Task prompt
Could you tally the lines in the listing below that include the word "frac"? Respond with the total alone.
* * * *
(* Let $\mu$ be a probability measure with bounded support contained in $[0,\infty)$, and let $b=\sup\operatorname{supp}\mu$. For $q\in[0,1]$ and $x>b$ define $$T_2(x;q)=\frac{\varphi_\mu'(x;q)}{\varphi_\mu(x;q)\,\varphi_\mu(x;1)}.$$ Then for every fixed $x>b$ and every $q\in[0,1]$, $$\frac{\partial T_2}{\partial x}(x;q)\ \ge\ \frac{\partial T_2}{\partial x}(x;0).$$
   Context: For $s\in[0,1]$ and $x>b$, set $\varphi_\mu(x;s)=s\int\frac{x}{x^2-t^2}\,d\mu(t)+\frac{1-s}{x}$. Here $\varphi_\mu'(x;s)$ denotes the derivative in $x$, namely $\varphi_\mu'(x;s)=-\big(s\int\frac{x^2+t^2}{(x^2-t^2)^2}\,d\mu(t)+\frac{1-s}{x^2}\big)$. *)

From HB Require Import structures.
From mathcomp Require Import all_boot all_order all_algebra.
From mathcomp Require Import all_classical all_reals all_analysis.
Set Implicit Arguments. Unset Strict Implicit. Unset Printing Implicit Defensive.
Import Order.TTheory GRing.Theory Num.Theory.
Import numFieldNormedType.Exports.
Local Open Scope classical_set_scope.
Local Open Scope ring_scope.

(* Support of a measure on the real line: points all of whose open
   neighbourhoods have positive measure (= smallest closed set of full measure). *)
Definition msupport (R : realType) (mu : {measure set R -> \bar R}) : set R :=
  [set x | forall e : R, 0 < e -> (0 < mu (ball x e))%E].

Definition phi (R : realType) (mu : {measure set R -> \bar R}) (x s : R) : R :=
  s * Rintegral mu setT (fun t => x / (x ^+ 2 - t ^+ 2)) + (1 - s) / x.

Definition dphi (R : realType) (mu : {measure set R -> \bar R}) (x s : R) : R :=
  - (s * Rintegral mu setT (fun t => (x ^+ 2 + t ^+ 2) / (x ^+ 2 - t ^+ 2) ^+ 2)
     + (1 - s) / x ^+ 2).

Definition T2 (R : realType) (mu : {measure set R -> \bar R}) (x q : R) : R :=
  dphi mu x q / (phi mu x q * phi mu x 1).

From HB Require Import structures.
From mathcomp Require Import all_boot all_order all_algebra.
From mathcomp Require Import all_classical all_reals all_analysis.
From mathcomp Require Import ring lra measurable_realfun.
Set Implicit Arguments.
Unset Strict Implicit.
Unset Printing Implicit Defensive.
Import Order.TTheory GRing.Theory Num.Theory.
Import numFieldNormedType.Exports.
Local Open Scope classical_set_scope.
Local Open Scope ring_scope.

(* Write A, B and D for the integrals against mu of the kernels
   x/(x^2-t^2), (x^2+t^2)/(x^2-t^2)^2 and 2x(x^2+3t^2)/(x^2-t^2)^3, so that
   phi(x;q) = q A + (1-q)/x, phi'(x;q) = -(q B + (1-q)/x^2), A' = -B and
   B' = -D.  The quotient rule then gives
     d/dx T2(x;q) - d/dx T2(x;0) = q ((1-q) Q1 + q A Q2) / (A (q A x + 1 - q))^2
   with Q1 = x A D - A B - x B^2 and Q2 = x^2 A D + x A B - 2 x^2 B^2 - A^2.
   Let G be the integral of (x^2+t^2)^2/(x (x^2-t^2)^3).  Cauchy-Schwarz gives
   B^2 <= A G, while x D - B - x G and x^2 D + x B - A - 2 x^2 G are the
   integrals of 4x^2t^2/(x^2-t^2)^3 >= 0 and 4xt^2/(x^2-t^2)^2 >= 0; hence
   Q1 = A (x D - B - x G) + x (A G - B^2) >= 0, and similarly Q2 >= 0.
   As mu is carried by some [-c, c] with c < x, all kernels are uniformly
   bounded near x, which justifies differentiating under the integral. *)

(* Every point outside the support lies in a null ball with rational centre
   and radius, and there are only countably many such balls. *)
Lemma msupportC_negligible (R : realType) (mu : {measure set R -> \bar R}) :
  mu.-negligible (~` msupport mu).
Proof.
pose F (n : nat) : set R :=
  if unpickle n is Some (p, r) then
    if mu (ball (ratr p : R) (ratr r)) == 0%E then ball (ratr p : R) (ratr r)
    else set0
  else set0.
apply: (@negligibleS _ _ _ _ (\bigcup_n F n)).
  move=> t /= /existsNP[e /not_implyP[e_gt0 /negP]]; rewrite -leNgt => mu_e.
  have mu_e0 : mu (ball t e) = 0%E by apply/eqP; rewrite eq_le mu_e measure_ge0.
  have [p] := @rat_in_itvoo R (t - e / 4) (t + e / 4) ltac:(lra).
  rewrite in_itv /= => /andP[p1 p2].
  have [r] := @rat_in_itvoo R (e / 4) (e / 2) ltac:(lra).
  rewrite in_itv /= => /andP[r1 r2].
  have ball_sub : ball (ratr p : R) (ratr r) `<=` ball t e.
    move=> z; rewrite /ball /= => pz.
    have tp : `|t - ratr p| < e / 4 by rewrite ltr_norml; apply/andP; split; lra.
    rewrite (_ : t - z = (t - ratr p) + (ratr p - z)); last by rewrite addrA subrK.
    by apply: (le_lt_trans (ler_normD _ _)); lra.
  exists (pickle (p, r)); first by [].
  rewrite /F pickleK /=.
  have -> : mu (ball (ratr p : R) (ratr r)) == 0%E.
    rewrite eq_le measure_ge0 andbT -mu_e0.
    by apply: le_measure => //; rewrite inE; exact: measurable_ball.
  by rewrite /ball /= ltr_norml; apply/andP; split; lra.
apply: negligible_bigcup => n; rewrite /F.
case: (unpickle n) => [[p r]|]; last exact: negligible_set0.
case: ifPn => [/eqP mu0|_]; last exact: negligible_set0.
by exists (ball (ratr p : R) (ratr r)); split => //; exact: measurable_ball.
Qed.

Lemma negligibleC_probability1 d (T : measurableType d) (R : realType)
    (P : probability T R) (A : set T) :
  measurable A -> P.-negligible (~` A) -> P A = 1%E.
Proof.
move=> mA nullAC.
have PA_fin : P A \is a fin_num.
  by rewrite ge0_fin_numE ?measure_ge0 // (le_lt_trans (probability_le1 P mA)) ?ltry.
have := probability_setC P mA.
rewrite (measure_negligible (measurableC mA) nullAC) -(fineK PA_fin) -EFinB => -[PA].
by rewrite -(fineK PA_fin); congr EFin; lra.
Qed.

Lemma RintegralT_negligibleC d (T : measurableType d) (R : realType)
    (mu : {measure set T -> \bar R}) (D : set T) (f : T -> R) :
  measurable D -> measurable_fun setT f -> mu.-negligible (~` D) ->
  Rintegral mu setT f = Rintegral mu D f.
Proof.
move=> mD mf nullDC; rewrite [RHS]Rintegral_mkcond; congr fine.
apply: ae_eq_integral => //.
- exact/measurable_EFinP.
- apply/measurable_EFinP; apply/(measurable_restrictT _ _).1 => //.
  exact: measurable_funTS.
- apply: negligibleS nullDC => t /= ft; apply: contra_not ft => Dt _.
  by rewrite patchE mem_set.
Qed.

Lemma integrable_bounded d (T : measurableType d) (R : realType)
    (P : probability T R) (D : set T) (f : T -> R) (M : R) :
  measurable D -> measurable_fun setT f -> (forall t, D t -> `|f t| <= M) ->
  P.-integrable D (EFin \o f).
Proof.
move=> mD mf f_le; apply: measurable_bounded_integrable => //.
- by rewrite (le_lt_trans (probability_le1 _ _))// ltry.
- exact: measurable_funTS.
- rewrite /bounded_near; near=> M0 => t /= Dt; apply: (le_trans (f_le t Dt)).
  by near: M0; apply: nbhs_pinfty_ge; exact: num_real.
Unshelve. all: end_near. Qed.

Lemma is_derive_Rintegral d (T : measurableType d) (R : realType)
    (mu : {measure set T -> \bar R}) (D : set T) (f df : R -> T -> R)
    (G : T -> R) (u v a : R) :
  measurable D -> u < a < v ->
  (forall y, u < y < v -> mu.-integrable D (EFin \o f y)) ->
  (forall y t, u < y < v -> D t -> is_derive y 1 (f ^~ t) (df y t)) ->
  (forall t, 0 <= G t) -> mu.-integrable D (EFin \o G) ->
  (forall y t, u < y < v -> D t -> `|df y t| <= G t) ->
  is_derive a 1 (fun y => Rintegral mu D (f y)) (Rintegral mu D (df a)).
Proof.
move=> mD uav intf fdf G_ge0 intG df_le.
have uav' : `]u, v[%classic a by rewrite /= in_itv.
have intf' y : `]u, v[%classic y -> mu.-integrable D (EFin \o f y).
  by rewrite /= in_itv => /intf.
have derf y t : `]u, v[%classic y -> D t -> derivable (f ^~ t) y 1.
  by rewrite /= in_itv => /fdf /[apply] -[].
have d1f y t : `]u, v[%classic y -> D t -> partial1of2 f y t = df y t.
  by rewrite /= in_itv => /fdf /[apply] fdf'; rewrite partial1of2E derive_val.
have d1f_le y t : `]u, v[%classic y -> D t -> `|partial1of2 f y t| <= G t.
  by move=> uyv Dt; rewrite d1f //; move: uyv; rewrite /= in_itv => /df_le; apply.
apply: DeriveDef; first exact: derivable_under_integral d1f_le.
rewrite -derive1E (differentiation_under_integral mD uav' intf' derf G_ge0 intG d1f_le).
by apply: eq_Rintegral => t /[!inE] Dt; rewrite d1f.
Qed.

Lemma measurable_fun_inv (R : realType) : measurable_fun [set: R] (@GRing.inv R).
Proof.
rewrite -(setUv [set (0:R)]).
apply/measurable_funU => //; first exact: measurableC.
split; first exact: measurable_fun_set1.
apply: open_continuous_measurable_fun.
  by rewrite openC; apply/accessible_closed_set1/hausdorff_accessible/Rhausdorff.
by move=> x /[!inE] /eqP x0; exact: inv_continuous.
Qed.

Lemma measurable_fun_divr (R : realType) (f g : R -> R) :
  measurable_fun setT f -> measurable_fun setT g ->
  measurable_fun setT (fun t => f t / g t).
Proof.
move=> mf mg; apply: measurable_funM => //.
exact: measurableT_comp (@measurable_fun_inv R) mg.
Qed.

Definition phi_kernel {R : realType} (y t : R) := y / (y ^+ 2 - t ^+ 2).
Definition dphi_kernel {R : realType} (y t : R) :=
  (y ^+ 2 + t ^+ 2) / (y ^+ 2 - t ^+ 2) ^+ 2.
Definition d2phi_kernel {R : realType} (y t : R) :=
  2 * y * (y ^+ 2 + 3 * t ^+ 2) / (y ^+ 2 - t ^+ 2) ^+ 3.
(* [dphi_kernel y t ^+ 2 / phi_kernel y t], so that [B^2 <= A G] is an instance
   of Cauchy-Schwarz. *)
Definition cs_kernel {R : realType} (y t : R) :=
  (y ^+ 2 + t ^+ 2) ^+ 2 / (y * (y ^+ 2 - t ^+ 2) ^+ 3).

Section kernel_measurability.
Context {R : realType}.
Implicit Types y : R.

Ltac measurable_rational := repeat first
  [ exact: measurable_cst | exact: exprn_measurable
  | apply: measurable_fun_divr | apply: measurable_funM
  | apply: measurable_funB | apply: measurable_funD | apply: measurable_funX ].

Lemma measurable_phi_kernel y : measurable_fun setT (phi_kernel y).
Proof. by measurable_rational. Qed.

Lemma measurable_dphi_kernel y : measurable_fun setT (dphi_kernel y).
Proof. by measurable_rational. Qed.

Lemma measurable_d2phi_kernel y : measurable_fun setT (d2phi_kernel y).
Proof. by measurable_rational. Qed.

Lemma measurable_cs_kernel y : measurable_fun setT (cs_kernel y).
Proof. by measurable_rational. Qed.

End kernel_measurability.

Lemma norm_divr_le (R : realFieldType) (a b N m : R) :
  0 < m -> m <= b -> `|a| <= N -> `|a / b| <= N / m.
Proof.
move=> m_gt0 mb aN; have b_gt0 : 0 < b := lt_le_trans m_gt0 mb.
rewrite normrM normfV (gtr0_norm b_gt0); apply: ler_pM => //.
  by rewrite invr_ge0 ltW.
by rewrite lef_pV2 // posrE.
Qed.

Section kernel_bounds.
Context {R : realType}.
Variables (c u v y t : R).

Lemma kernel_window_sqr : 0 <= c -> c < u -> u <= y <= v -> -c <= t <= c ->
  [/\ 0 < u ^+ 2 - c ^+ 2, u ^+ 2 - c ^+ 2 <= y ^+ 2 - t ^+ 2,
       y ^+ 2 <= v ^+ 2 & t ^+ 2 <= c ^+ 2].
Proof.
move=> c_ge0 cu /andP[uy yv] /andP[ct tc].
have y2_le : y ^+ 2 <= v ^+ 2 by rewrite -subr_ge0 subr_sqr mulr_ge0 //; lra.
have t2_le : t ^+ 2 <= c ^+ 2 by rewrite -subr_ge0 subr_sqr mulr_ge0 //; lra.
have u2_le : u ^+ 2 <= y ^+ 2 by rewrite -subr_ge0 subr_sqr mulr_ge0 //; lra.
split=> //; first by rewrite subr_sqr mulr_gt0 //; lra.
by rewrite lerB.
Qed.

Lemma kernel_denom_gt0 : 0 <= c -> c < u -> u <= y <= v -> -c <= t <= c ->
  0 < y ^+ 2 - t ^+ 2.
Proof.
move=> c_ge0 cu uyv tc; have [gap_gt0 gap_le _ _] := kernel_window_sqr c_ge0 cu uyv tc.
exact: lt_le_trans gap_le.
Qed.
* * * *
Exercise output
2